Collected data entries:
Lemma quadratic_ge0_discr (R : realFieldType) (A B C : R) : 0 <= C ->
  (forall x, 0 <= A + 2 * x * B + x ^+ 2 * C) -> B ^+ 2 <= A * C.
Proof.
move=> C_ge0 h; have A_ge0 : 0 <= A by have := h 0; rewrite mulr0 mul0r expr0n /= mul0r !addr0.
have [C_gt0|C_le0] := ltrP 0 C.
  have := h (- B / C).
  have -> : A + 2 * (- B / C) * B + (- B / C) ^+ 2 * C = A - B ^+ 2 / C.
    by field; rewrite gt_eqF.
  by rewrite subr_ge0 ler_pdivrMr.
have C0 : C = 0 by apply/eqP; rewrite eq_le C_le0 C_ge0.
have [B0|B_neq0] := eqVneq B 0; first by rewrite B0 expr0n /= C0 mulr0.
have := h (- (A + 1) / (2 * B)).
have -> : A + 2 * (- (A + 1) / (2 * B)) * B + (- (A + 1) / (2 * B)) ^+ 2 * C = -1.
  by rewrite C0; field; rewrite B_neq0.
by rewrite ler0N1.
Qed.

Lemma dot2_le_radius (R : realFieldType) (u v x y r : R) :
  u ^+ 2 + v ^+ 2 = 1 -> x ^+ 2 + y ^+ 2 <= r ^+ 2 -> 0 <= r -> u * x + v * y <= r.
Proof.
move=> huv hxy hr; apply: le_of_sqr_le => //.
have : (u * x + v * y) ^+ 2 + (u * y - v * x) ^+ 2 = x ^+ 2 + y ^+ 2.
  by rewrite -[RHS]mul1r -huv; ring.
have := sqr_ge0 (u * y - v * x); lra.
Qed.

Lemma unit_cross_ge0 (R : realFieldType) (c sg t q r : R) :
  c ^+ 2 + sg ^+ 2 = 1 -> 0 <= sg -> t ^+ 2 + q ^+ 2 = r ^+ 2 -> 0 <= q -> 0 <= r ->
  t <= c * r -> sg * t <= c * q.
Proof.
move=> hc hsg ht hq hr htc.
set P := c * t + sg * q; set Q := c * q - sg * t.
have hPQ : P ^+ 2 + Q ^+ 2 = r ^+ 2 by rewrite -ht -[RHS]mul1r -hc /P /Q; ring.
have tE : t = c * P - sg * Q by rewrite -[LHS]mul1r -hc /P /Q; ring.
have qE : q = sg * P + c * Q by rewrite -[LHS]mul1r -hc /P /Q; ring.
rewrite -subr_ge0 -/Q leNgt; apply/negP => Q_lt0.
have P_lt_r : P < r by nra.
have : sg * r * (r - P) <= 0 by nra.
rewrite pmulr_lle0 ?subr_gt0 // => sr_le0.
have /eqP : sg * r = 0 by apply/eqP; rewrite eq_le sr_le0 mulr_ge0.
rewrite mulf_eq0 => /orP[/eqP sg0|/eqP r0]; last by rewrite r0 in hPQ; nra.
rewrite sg0 mul0r add0r in qE; rewrite sg0 mul0r subr0 in tE.
have cN1 : c = -1 by rewrite sg0 in hc; nra.
rewrite cN1 in tE htc; lra.
Qed.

Instructions to follow - Write out every line of the data again, exactly as it reads.

Exercise output -
Lemma quadratic_ge0_discr (R : realFieldType) (A B C : R) : 0 <= C ->
  (forall x, 0 <= A + 2 * x * B + x ^+ 2 * C) -> B ^+ 2 <= A * C.
Proof.
move=> C_ge0 h; have A_ge0 : 0 <= A by have := h 0; rewrite mulr0 mul0r expr0n /= mul0r !addr0.
have [C_gt0|C_le0] := ltrP 0 C.
  have := h (- B / C).
  have -> : A + 2 * (- B / C) * B + (- B / C) ^+ 2 * C = A - B ^+ 2 / C.
    by field; rewrite gt_eqF.
  by rewrite subr_ge0 ler_pdivrMr.
have C0 : C = 0 by apply/eqP; rewrite eq_le C_le0 C_ge0.
have [B0|B_neq0] := eqVneq B 0; first by rewrite B0 expr0n /= C0 mulr0.
have := h (- (A + 1) / (2 * B)).
have -> : A + 2 * (- (A + 1) / (2 * B)) * B + (- (A + 1) / (2 * B)) ^+ 2 * C = -1.
  by rewrite C0; field; rewrite B_neq0.
by rewrite ler0N1.
Qed.

Lemma dot2_le_radius (R : realFieldType) (u v x y r : R) :
  u ^+ 2 + v ^+ 2 = 1 -> x ^+ 2 + y ^+ 2 <= r ^+ 2 -> 0 <= r -> u * x + v * y <= r.
Proof.
move=> huv hxy hr; apply: le_of_sqr_le => //.
have : (u * x + v * y) ^+ 2 + (u * y - v * x) ^+ 2 = x ^+ 2 + y ^+ 2.
  by rewrite -[RHS]mul1r -huv; ring.
have := sqr_ge0 (u * y - v * x); lra.
Qed.

Lemma unit_cross_ge0 (R : realFieldType) (c sg t q r : R) :
  c ^+ 2 + sg ^+ 2 = 1 -> 0 <= sg -> t ^+ 2 + q ^+ 2 = r ^+ 2 -> 0 <= q -> 0 <= r ->
  t <= c * r -> sg * t <= c * q.
Proof.
move=> hc hsg ht hq hr htc.
set P := c * t + sg * q; set Q := c * q - sg * t.
have hPQ : P ^+ 2 + Q ^+ 2 = r ^+ 2 by rewrite -ht -[RHS]mul1r -hc /P /Q; ring.
have tE : t = c * P - sg * Q by rewrite -[LHS]mul1r -hc /P /Q; ring.
have qE : q = sg * P + c * Q by rewrite -[LHS]mul1r -hc /P /Q; ring.
rewrite -subr_ge0 -/Q leNgt; apply/negP => Q_lt0.
have P_lt_r : P < r by nra.
have : sg * r * (r - P) <= 0 by nra.
rewrite pmulr_lle0 ?subr_gt0 // => sr_le0.
have /eqP : sg * r = 0 by apply/eqP; rewrite eq_le sr_le0 mulr_ge0.
rewrite mulf_eq0 => /orP[/eqP sg0|/eqP r0]; last by rewrite r0 in hPQ; nra.
rewrite sg0 mul0r add0r in qE; rewrite sg0 mul0r subr0 in tE.
have cN1 : c = -1 by rewrite sg0 in hc; nra.
rewrite cN1 in tE htc; lra.
Qed.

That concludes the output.